Testing The Impact of Testosterone On Vaginal Bacteria For $283,494
The University of Alabama at Birmingham received $283,494 from the National Institute of Allergy and Infectious Diseases to explore the impact of injecting testosterone into “vaginal specimens.”
While the researchers await an official conclusion post-peer-review, the effects of the study seem to be that “testosterone could have detrimental effects, including … an increased abundance of diverse bacteria, many associated with bacterial vaginosis.”
Researchers hoped to “identify ways to optimize the health benefits of testosterone in TGM [transgender-identified men],” however, the available information indicates that testosterone seems to present complications in “vaginal specimens.”

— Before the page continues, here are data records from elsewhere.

Lemma extension_equation w : extension w + sum_1N (S n) (fun i => extension (w + b i)) = 0.
Proof.
  pose proof b1_le_bN. pose proof (Rabs_pos w).
  set (m := window_index (Rabs w + b (S n))).
  pose proof (abs_le_window_index (Rabs w + b (S n))) as Hm. fold m in Hm.
  rewrite (Rabs_pos_eq (Rabs w + b (S n))) in Hm by lra.
  assert (Hw : window m w) by (apply window_of_abs; lra).
  assert (Hwb : forall i, (1 <= i <= S n)%nat -> window m (w + b i)).
  { intros i Hi. pose proof (b_range i Hi). apply window_of_abs.
    pose proof (Rabs_triang w (b i)). rewrite (Rabs_pos_eq (b i)) in * by lra. lra. }
  assert (Hnext : forall t, window m t -> window (S m) t) by (intros t; apply window_mono; lia).
  pose proof (approx_vanishes_at_nodes m) as Hz.
  destruct (Rle_dec w 0) as [Hl|Hl].
  - (* w <= 0: the value at w was produced by solve_left *)
    rewrite (extension_approx (S m) w) by auto. simpl approx. rewrite extend_left by auto.
    unfold solve_left. rewrite (sum_1N_ext _ (fun i => extension (w + b i)) (fun i => approx m (w + b i)));
      [ring|].
    intros i Hi. apply extension_approx, Hwb, Hi.
  - (* w > 0: the value at w + b_N was produced by solve_right *)
    simpl sum_1N. rewrite (extension_approx (S m) (w + b (S n))) by (apply Hnext, Hwb; lia).
    simpl approx. rewrite extend_right by (auto; lra). unfold solve_right.
    replace (w + b (S n) - b (S n)) with w by ring.
    rewrite (sum_1N_ext n (fun i => extension (w + b i)) (fun i => approx m (w + b (S n) + (b i - b (S n))))).
    + rewrite (extension_approx m w) by exact Hw. ring.
    + intros i Hi. replace (w + b (S n) + (b i - b (S n))) with (w + b i) by ring.
      apply extension_approx, Hwb; lia.
Qed.

Lemma extension_solS : solS (S n) b extension.
Proof. split; [exact extension_continuity | exact extension_equation]. Qed.

End Extension.

Lemma stepwise_nondecreasing N (b : nat -> R) :
  (forall i, (1 <= i < N)%nat -> b i < b (S i)) ->
  forall i j, (1 <= i)%nat -> (i <= j)%nat -> (j <= N)%nat -> b i <= b j.
Proof.
  intros Hinc i j Hi Hij Hj. destruct (Nat.eq_dec i j) as [->|Hne]; [apply Rle_refl|].
  apply Rlt_le, (stepwise_increasing N); auto; lia.
Qed.

Lemma step_size_exists n (b : nat -> R) :
  0 < b 1%nat -> (forall i, (1 <= i < S n)%nat -> b i < b (S i)) ->
  exists s, 0 < s /\ s <= b 1%nat /\ forall i, (1 <= i <= n)%nat -> b i + s <= b (S n).
Proof.
  intros Hb1 Hinc. destruct n as [|n].
  - exists (b 1%nat). repeat split; [exact Hb1 | apply Rle_refl | intros; lia].
  - assert (Hlast : b (S n) < b (S (S n))) by (apply Hinc; lia).
    exists (Rmin (b 1%nat) (b (S (S n)) - b (S n))). repeat split.
    + apply Rmin_pos; lra.
    + apply Rmin_l.
    + intros i Hi. pose proof (Rmin_r (b 1%nat) (b (S (S n)) - b (S n))).
      pose proof (stepwise_nondecreasing _ _ Hinc i (S n) ltac:(lia) ltac:(lia) ltac:(lia)). lra.
Qed.
(* Let $L$ be a label set containing $a$, and let $\mathcal{D}$ be the category of finite rooted $L$-labeled transition systems with root-preserving, label-preserving homomorphisms. Call a sieve $S$ on an object $G$ naive-sim-covering if for every finite rooted $L$-labeled tree $T$ admitting a homomorphism $T\to G$, some homomorphism $T\to G$ belongs to $S$. Then this covering predicate satisfies the maximality and transitivity axioms of a Grothendieck topology but not the stability (pullback) axiom. Explicitly: let $\mathrm{traceLTS}[a]$ have vertices $0$ (root) and $1$ with edge $0\xrightarrow{a}1$; let $\mathrm{fanLTS}[a,a]$ have vertices $0$ (root), $1$, $2$ with edges $0\xrightarrow{a}1$ and $0\xrightarrow{a}2$; let $f_R,f_L:\mathrm{traceLTS}[a]\to\mathrm{fanLTS}[a,a]$ send $1$ to $2$ and to $1$ respectively. The sieve $S$ on $\mathrm{fanLTS}[a,a]$ generated by $f_R$ is naive-sim-covering, while its pullback $f_L^*(S)$ on $\mathrm{traceLTS}[a]$ is not naive-sim-covering.
   Context: A sieve on $G$ is a set of morphisms with codomain $G$ closed under precomposition; the pullback $f^*(S)$ along $f:H\to G$ is $\{g : f\circ g\in S\}$. The Grothendieck topology axioms: the maximal sieve covers (maximality); covering sieves are stable under pullback (stability); and if $S$ covers and $R$ is a sieve such that $f^*(R)$ covers for every $f\in S$ then $R$ covers (transitivity). *)

From mathcomp Require Import all_boot.
Set Implicit Arguments. Unset Strict Implicit. Unset Printing Implicit Defensive.

Section LTSDefs.
Variable L : eqType.

Record LTS := MkLTS {
  st : finType;
  root : st;
  edges : seq (st * L * st)
}.

Record Hom (G H : LTS) := MkHom {
  hfun :> st G -> st H;
  hroot : hfun (root G) = root H;
  hedge : all (fun e => (hfun e.1.1, e.1.2, hfun e.2) \in edges H) (edges G)
}.

Lemma comp_root (G H K : LTS) (f : Hom H K) (g : Hom G H) :
  (f \o g) (root G) = root K.
Proof. by rewrite /= hroot hroot. Qed.

Lemma comp_edge (G H K : LTS) (f : Hom H K) (g : Hom G H) :
  all (fun e => ((f \o g) e.1.1, e.1.2, (f \o g) e.2) \in edges K) (edges G).
Proof.
apply/allP => e eG; have /allP := hedge g; move/(_ e eG) => eH.
by have /allP := hedge f; move/(_ _ eH).
Qed.

Definition comp (G H K : LTS) (f : Hom H K) (g : Hom G H) : Hom G K :=
  MkHom (comp_root f g) (comp_edge f g).

Definition sieve_pred (G : LTS) := forall H : LTS, Hom H G -> Prop.

Definition is_sieve (G : LTS) (S : sieve_pred G) : Prop :=
  forall (H : LTS) (f : Hom H G), S H f ->
    forall (K : LTS) (g : Hom K H), S K (comp f g).

Definition maximal_sieve (G : LTS) : sieve_pred G := fun _ _ => True.

Definition pullback (G H : LTS) (f : Hom H G) (S : sieve_pred G) : sieve_pred H :=
  fun K g => S K (comp f g).

Definition gen_sieve (G H : LTS) (f : Hom H G) : sieve_pred G :=
  fun K g => exists h : Hom K H, g = comp f h.

Definition succ (T : LTS) : rel (st T) :=
  fun x y => has (fun e => (e.1.1 == x) && (e.2 == y)) (edges T).

Definition is_tree (T : LTS) : Prop :=
  [/\ forall x l, (x, l, root T) \notin edges T,
      forall y, y != root T ->
        exists x l, (x, l, y) \in edges T /\
          forall x' l', (x', l', y) \in edges T -> x' = x /\ l' = l
    & forall y, connect (@succ T) (root T) y].

Definition naive_sim_covering (G : LTS) (S : sieve_pred G) : Prop :=
  forall T : LTS, is_tree T -> inhabited (Hom T G) ->
    exists h : Hom T G, S T h.

End LTSDefs.
Arguments maximal_sieve : clear implicits.

Section Examples.
Variables (L : eqType) (a : L).

Definition traceLTS : LTS L :=
  @MkLTS L 'I_2 ord0 [:: (ord0, a, ord_max)].

Definition fanLTS : LTS L :=
  @MkLTS L 'I_3 ord0
    [:: (ord0, a, (inord 1 : 'I_3)); (ord0, a, (inord 2 : 'I_3))].

Definition fR_fun (i : 'I_2) : 'I_3 := if i == ord0 then ord0 else inord 2.
Definition fL_fun (i : 'I_2) : 'I_3 := if i == ord0 then ord0 else inord 1.

Lemma fR_root : fR_fun ord0 = ord0. Proof. by []. Qed.
Lemma fL_root : fL_fun ord0 = ord0. Proof. by []. Qed.

Lemma fR_edge : all (fun e => (fR_fun e.1.1, e.1.2, fR_fun e.2) \in
                     [:: ((ord0 : 'I_3), a, (inord 1 : 'I_3)); (ord0, a, inord 2)])
                  [:: ((ord0 : 'I_2), a, (ord_max : 'I_2))].
Proof. by rewrite /= !inE eqxx !orbT. Qed.

Lemma fL_edge : all (fun e => (fL_fun e.1.1, e.1.2, fL_fun e.2) \in
                     [:: ((ord0 : 'I_3), a, (inord 1 : 'I_3)); (ord0, a, inord 2)])
                  [:: ((ord0 : 'I_2), a, (ord_max : 'I_2))].
Proof. by rewrite /= !inE eqxx. Qed.

Definition fR : Hom traceLTS fanLTS := @MkHom L traceLTS fanLTS fR_fun fR_root fR_edge.
Definition fL : Hom traceLTS fanLTS := @MkHom L traceLTS fanLTS fL_fun fL_root fL_edge.

End Examples.

From Pilot Require Import Defs.
From mathcomp Require Import all_boot.
From Stdlib Require Import FunctionalExtensionality.
Set Implicit Arguments. Unset Strict Implicit. Unset Printing Implicit Defensive.

(* Maximality and transitivity hold because a covering sieve only has to catch
   SOME homomorphism from each tree: for transitivity, take h : T -> G in S,
   then a k : T -> T with h \o k in R, using the identity of T as the witness
   that T maps to the domain of h.  Stability fails because every homomorphism
   into fanLTS[a,a] factors through f_R once both leaves are collapsed, whereas
   every endomorphism of the tree traceLTS[a] fixes its leaf, so f_L \o h
   reaches leaf 1 and can never equal f_R \o k, which reaches leaf 2. *)

Section Homomorphisms.
Variable L : eqType.

Lemma hom_ext (G H : LTS L) (f g : Hom G H) : f =1 g -> f = g.
Proof.
case: f g => f rf ef [g rg eg] /= /functional_extensionality fg; subst g.
by rewrite (eq_irrelevance rf rg) (bool_irrelevance ef eg).
Qed.

Lemma comp_homA (G H K M : LTS L) (f : Hom K M) (g : Hom H K) (h : Hom G H) :
  Defs.comp f (Defs.comp g h) = Defs.comp (Defs.comp f g) h.
Proof. exact: hom_ext. Qed.

Lemma id_hom_edge (T : LTS L) :
  all (fun e => (id e.1.1, e.1.2, id e.2) \in edges T) (edges T).
Proof. by apply/allP => [[[x l] y]]. Qed.

Definition id_hom (T : LTS L) : Hom T T := MkHom (erefl (Defs.root T)) (id_hom_edge T).

End Homomorphisms.

Section NaiveSimTopology.
Variable L : eqType.

Lemma naive_sim_covering_maximal (G : LTS L) :
  naive_sim_covering (maximal_sieve L G).
Proof. by move=> T _ [h]; exists h. Qed.

Lemma naive_sim_covering_trans (G : LTS L) (S R : sieve_pred G) :
  naive_sim_covering S ->
  (forall (H : LTS L) (f : Hom H G), S H f -> naive_sim_covering (pullback f R)) ->
  naive_sim_covering R.
Proof.
move=> covS covR T treeT homT.
have [h Sh] := covS T treeT homT.
have [k Rhk] := covR _ _ Sh T treeT (inhabits (id_hom T)).
by exists (Defs.comp h k).
Qed.

Lemma gen_sieve_is_sieve (G H : LTS L) (f : Hom H G) : is_sieve (gen_sieve f).
Proof. by move=> K _ [h ->] M g; exists (Defs.comp h g); rewrite comp_homA. Qed.

Lemma gen_sieve_covering (G H : LTS L) (f : Hom H G) :
  Hom G H -> naive_sim_covering (gen_sieve f).
Proof.
move=> r T _ [h]; exists (Defs.comp f (Defs.comp r h)).
by exists (Defs.comp r h).
Qed.

End NaiveSimTopology.

Section Counterexample.
Variables (L : eqType) (a : L).

Definition collapse_fun (i : 'I_3) : 'I_2 := if i == ord0 then ord0 else ord_max.

Lemma collapse_edge :
  all (fun e => (collapse_fun e.1.1, e.1.2, collapse_fun e.2) \in edges (traceLTS a))
      (edges (fanLTS a)).
Proof. by rewrite /= !inE !xpair_eqE !eqxx /collapse_fun -!val_eqE /= !inordK. Qed.

Definition collapse : Hom (fanLTS a) (traceLTS a) := @MkHom L (fanLTS a) (traceLTS a) collapse_fun erefl collapse_edge.

Lemma traceLTS_is_tree : is_tree (traceLTS a).
Proof.
have leaf y : y != Defs.root (traceLTS a) -> y = ord_max.
  by case: y => [[|[|n]] //] lt_y _; apply/val_inj.
split=> [x l | y /leaf -> | y].
- by rewrite inE !xpair_eqE andbF.
- exists ord0, a; split=> [|x l]; first exact: mem_head.
  by rewrite inE !xpair_eqE => /andP[/andP[/eqP -> /eqP ->] _].
- have [-> | /leaf ->] := eqVneq y (Defs.root (traceLTS a)).
    exact: connect0.
  exact: connect1.
Qed.

Lemma trace_endo_leaf (h : Hom (traceLTS a) (traceLTS a)) : h ord_max = ord_max.
Proof.
have /allP/(_ (ord0, a, ord_max)) := hedge h.
by rewrite !inE eqxx => /(_ isT); rewrite !xpair_eqE => /andP[_ /eqP].
Qed.

Lemma fL_fR_leaf_neq : fL a ord_max != fR a ord_max.
Proof. by rewrite -val_eqE /= !inordK. Qed.

Lemma gen_sieve_fR_covering : naive_sim_covering (gen_sieve (fR a)).
Proof. exact: gen_sieve_covering collapse. Qed.

Lemma pullback_fL_not_covering :
  ~ naive_sim_covering (pullback (fL a) (gen_sieve (fR a))).
Proof.
move=> cov.
have [h [k hk]] := cov _ traceLTS_is_tree (inhabits (id_hom _)).
have := congr1 (fun g : Hom (traceLTS a) (fanLTS a) => g ord_max) hk.
by rewrite /= !trace_endo_leaf; apply/eqP; exact: fL_fR_leaf_neq.
Qed.

End Counterexample.

Theorem mainTheorem17 (L : eqType) (a : L) :
  (* maximality *)
  (forall G : LTS L, naive_sim_covering (maximal_sieve L G)) /\
  (* transitivity *)
  (forall (G : LTS L) (S R : sieve_pred G),
     is_sieve S -> is_sieve R ->
     naive_sim_covering S ->
     (forall (H : LTS L) (f : Hom H G), S H f ->
        naive_sim_covering (pullback f R)) ->
     naive_sim_covering R) /\
  (* failure of stability *)
  ~ (forall (G H : LTS L) (f : Hom H G) (S : sieve_pred G),
       is_sieve S -> naive_sim_covering S -> naive_sim_covering (pullback f S)) /\
  (* explicit counterexample *)
  is_sieve (gen_sieve (fR a)) /\
  naive_sim_covering (gen_sieve (fR a)) /\
  ~ naive_sim_covering (pullback (fL a) (gen_sieve (fR a))).
Proof.
split; first exact: naive_sim_covering_maximal.
split; first by move=> G S R _ _; exact: naive_sim_covering_trans.
split.
  move=> stable; apply: (pullback_fL_not_covering (a := a)).
  by apply: stable; [exact: gen_sieve_is_sieve | exact: gen_sieve_fR_covering].
split; first exact: gen_sieve_is_sieve.
split; [exact: gen_sieve_fR_covering | exact: pullback_fL_not_covering].
Qed.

The SGMRO office, which directs millions of taxpayer dollars to these studies and many others, was created largely due to a 2011 report commissioned by the NIH under former President Barack Obama that found “relatively little health research” on LGBTQ populations.
Joseph Figliolia, a gender policy analyst at the Manhattan Institute, told the DCNF that the office “would need to commit to evidence-based medicine and biological realism,” but said that many researchers likely have “predetermined conclusions” before the completion of their studies.
“The problem is that [the SGMRO] shapes the types of studies that get funded … [the SGMRO] sets the tone of how all the offices at the NIH think about sex and gender.” Figliolia said. “I find it deeply troubling that the NIH would continue to promote the practice [of transitioning minors] despite the lack of evidence and refusal to put their evidence forward.”